• [Task objective]: Retrieve every line of the data holding the word "split".

[Dataset records]
^^^^^^^^^^^^^^^^

(* Let $a_1,a_2,b_1,b_2>0$, set $a:=\min\{a_1+1,a_2\}$, $b:=\min\{b_2+1,b_1\}$, $c:=\min\{a_1,a_2,b_1,b_2\}$, and assume $c>1$, $\max\{a,b\}<c+1$ and $a\le b$. Let $k_0\ge 6$ be an integer such that $b<c-1+2\cos\frac{\pi}{k_0}$. Then for every integer $k\ge k_0$ there exists a sequence $(m_i,n_i)_{i\in\mathbb N}$ of positive integers such that $(m_i,n_i,k)$ is admissible for every $i$.
   Context: A triplet of positive integers $(m,n,k)$ with $k\ge k_0$ is called admissible if $\mu(m,n,k):=\frac{2m\sin\frac\pi k+1}{2n}$ satisfies \[\max\Big\{\tfrac1a,\tfrac12,\tfrac{1}{a-b+2\cos\frac\pi k}\Big\}<\mu(m,n,k)<\tfrac{1}{a+1-c}.\] *)

From Stdlib Require Import Reals Lra Lia.
Open Scope R_scope.

Definition mu (m n k : nat) : R :=
  (2 * INR m * sin (PI / INR k) + 1) / (2 * INR n).

Definition admissible (a b c : R) (k0 m n k : nat) : Prop :=
  (0 < m)%nat /\ (0 < n)%nat /\ (0 < k)%nat /\ (k0 <= k)%nat /\
  Rmax (Rmax (1 / a) (1 / 2)) (1 / (a - b + 2 * cos (PI / INR k))) < mu m n k /\
  mu m n k < 1 / (a + 1 - c).

(* The admissibility condition asks that mu(m,n,k) = (2 m s + 1) / (2 n), with s = sin(pi/k) > 0,
   lie in an open window (L, U).  The hypotheses make this window nonempty with L > 0, using
   cos(pi/k) >= cos(pi/k0).  For fixed n the values of mu are spaced s/n apart as m varies, so
   once n (U - L) > s and 2 n L > 1 some positive m puts mu(m,n,k) inside the window; letting n
   run over all large integers gives infinitely many distinct pairs (m, n). *)
From Stdlib Require Import Reals Lra Lia ZArith.
Open Scope R_scope.

Definition nat_above (x : R) : nat := Z.to_nat (up x).

Lemma nat_above_spec (x : R) : 0 <= x -> x < INR (nat_above x) <= x + 1.
Proof.
  intros Hx.
  destruct (archimed x) as [Hup1 Hup2].
  assert (Hnat : INR (nat_above x) = IZR (up x)).
  { unfold nat_above. rewrite INR_IZR_INZ, Z2Nat.id; [reflexivity|].
    apply le_IZR. lra. }
  rewrite Hnat. lra.
Qed.

Lemma PI_div_INR_le (k0 k : nat) :
  (1 <= k0)%nat -> (k0 <= k)%nat -> PI / INR k <= PI / INR k0.
Proof.
  intros Hk0 Hk.
  assert (Hk0r : 1 <= INR k0) by (apply (le_INR 1); exact Hk0).
  unfold Rdiv. apply Rmult_le_compat_l; [left; exact PI_RGT_0|].
  apply Rinv_le_contravar; [lra | apply le_INR; exact Hk].
Qed.

Lemma PI_div_INR_pos (k : nat) : (1 <= k)%nat -> 0 < PI / INR k.
Proof.
  intros Hk. apply Rdiv_lt_0_compat; [exact PI_RGT_0|].
  apply lt_0_INR. exact Hk.
Qed.

Lemma cos_PI_div_INR_le (k0 k : nat) :
  (1 <= k0)%nat -> (k0 <= k)%nat -> cos (PI / INR k0) <= cos (PI / INR k).
Proof.
  intros Hk0 Hk.
  assert (HPI0 : PI / INR k0 <= PI / INR 1) by (apply PI_div_INR_le; lia).
  assert (HPI : PI / INR k <= PI / INR k0) by (apply PI_div_INR_le; assumption).
  pose proof (PI_div_INR_pos k0 Hk0).
  pose proof (PI_div_INR_pos k ltac:(lia)).
  replace (PI / INR 1) with PI in HPI0 by (simpl; field).
  apply cos_decr_1; lra.
Qed.

Lemma sin_PI_div_INR_pos (k : nat) : (2 <= k)%nat -> 0 < sin (PI / INR k).
Proof.
  intros Hk.
  assert (Hhalf : PI / INR k <= PI / INR 2) by (apply PI_div_INR_le; lia).
  replace (INR 2) with 2 in Hhalf by (simpl; lra).
  pose proof PI_RGT_0.
  apply sin_gt_0; [apply PI_div_INR_pos; lia | lra].
Qed.

Lemma admissible_window (a b c t : R) :
  c <= a -> 1 < c -> a < c + 1 -> b < c - 1 + 2 * t ->
  0 < Rmax (Rmax (1 / a) (1 / 2)) (1 / (a - b + 2 * t)) < 1 / (a + 1 - c).
Proof.
  intros Hca Hc Hac Hb. split.
  - eapply Rlt_le_trans; [|apply Rmax_l].
    eapply Rlt_le_trans; [|apply Rmax_r]. lra.
  - repeat apply Rmax_lub_lt;
      unfold Rdiv; rewrite !Rmult_1_l;
      apply Rinv_lt_contravar; try apply Rmult_lt_0_compat; lra.
Qed.

(* The least m with (2 m s + 1) / (2 n) > L. *)
Definition m_above (L s : R) (n : nat) : nat :=
  nat_above ((2 * INR n * L - 1) / (2 * s)).

Lemma m_above_spec (L U s : R) (n : nat) :
  0 < L -> 0 < s -> 1 < 2 * INR n * L -> s < INR n * (U - L) ->
  (0 < m_above L s n)%nat /\
  L < (2 * INR (m_above L s n) * s + 1) / (2 * INR n) < U.
Proof.
  intros HL Hs Hlow Hgap.
  set (x := (2 * INR n * L - 1) / (2 * s)).
  assert (Hx : 0 < x) by (unfold x; apply Rdiv_lt_0_compat; lra).
  assert (Hsx : 2 * s * x = 2 * INR n * L - 1) by (unfold x; field; lra).
  destruct (nat_above_spec x (Rlt_le _ _ Hx)) as [Hm1 Hm2].
  unfold m_above; fold x.
  set (m := nat_above x) in *.
  assert (Hn : 0 < INR n) by nra.
  split; [apply INR_lt; simpl; lra|].
  split; apply Rmult_lt_reg_r with (2 * INR n); try lra;
    unfold Rdiv; rewrite Rmult_assoc, Rinv_l by lra; nra.
Qed.

Lemma m_above_window_eventually (L U s : R) :
  0 < L -> 0 < s -> L < U ->
  exists N : nat, forall n : nat, (N <= n)%nat ->
    (0 < n)%nat /\ (0 < m_above L s n)%nat /\
    L < (2 * INR (m_above L s n) * s + 1) / (2 * INR n) < U.
Proof.
  intros HL Hs HLU.
  set (y := Rmax (1 / (2 * L)) (s / (U - L))).
  assert (Hy1 : 1 / (2 * L) <= y) by apply Rmax_l.
  assert (Hy2 : s / (U - L) <= y) by apply Rmax_r.
  assert (Hy : 0 < y) by (eapply Rlt_le_trans; [|exact Hy2]; apply Rdiv_lt_0_compat; lra).
  exists (nat_above y). intros n Hn.
  assert (HyN : y < INR n).
  { destruct (nat_above_spec y (Rlt_le _ _ Hy)) as [HyN _].
    apply le_INR in Hn. lra. }
  assert (Hlow : 1 < 2 * INR n * L).
  { assert (1 / (2 * L) * (2 * L) = 1) by (field; lra). nra. }
  assert (Hgap : s < INR n * (U - L)).
  { assert (s / (U - L) * (U - L) = s) by (field; lra). nra. }
  split; [apply INR_lt; simpl; lra|].
  apply (m_above_spec L U s n HL Hs Hlow Hgap).
Qed.

Theorem lemma2p2 (a1 a2 b1 b2 : R) (k0 : nat) :
  0 < a1 -> 0 < a2 -> 0 < b1 -> 0 < b2 ->
  let a := Rmin (a1 + 1) a2 in
  let b := Rmin (b2 + 1) b1 in
  let c := Rmin (Rmin a1 a2) (Rmin b1 b2) in
  1 < c -> Rmax a b < c + 1 -> a <= b ->
  (6 <= k0)%nat ->
  b < c - 1 + 2 * cos (PI / INR k0) ->
  forall k : nat, (k0 <= k)%nat ->
  exists s : nat -> nat * nat,
    (forall i j, s i = s j -> i = j) /\
    (forall i, admissible a b c k0 (fst (s i)) (snd (s i)) k).
Proof.
  intros Ha1 Ha2 Hb1 Hb2 a b c Hc Hmax _ Hk0 Hb k Hk.
  assert (Hca : c <= a).
  { pose proof (Rmin_l (Rmin a1 a2) (Rmin b1 b2)).
    pose proof (Rmin_l a1 a2). pose proof (Rmin_r a1 a2).
    unfold a, c; apply Rmin_glb; lra. }
  assert (Hac : a < c + 1) by (apply Rmax_Rlt in Hmax; tauto).
  pose proof (cos_PI_div_INR_le k0 k ltac:(lia) Hk) as Hcos.
  pose proof (sin_PI_div_INR_pos k ltac:(lia)) as Hsin.
  set (L := Rmax (Rmax (1 / a) (1 / 2)) (1 / (a - b + 2 * cos (PI / INR k)))).
  destruct (admissible_window a b c (cos (PI / INR k)) Hca Hc Hac ltac:(lra))
    as [HL HLU].
  destruct (m_above_window_eventually L _ _ HL Hsin HLU) as [N HN].
  exists (fun i => (m_above L (sin (PI / INR k)) (N + i), (N + i)%nat)).
  split.
  - intros i j Hij. injection Hij. lia.
  - intros i. destruct (HN (N + i)%nat ltac:(lia)) as (Hn & Hm & Hlo & Hhi).
    unfold admissible, mu; simpl.
    repeat split; try assumption; lia.
Qed.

^^^^^^^^^^^^^^^^

• [Expected answer]:
  intros Hca Hc Hac Hb. split.
  split; [apply INR_lt; simpl; lra|].
  split; apply Rmult_lt_reg_r with (2 * INR n); try lra;
  split; [apply INR_lt; simpl; lra|].
  split.
    repeat split; try assumption; lia.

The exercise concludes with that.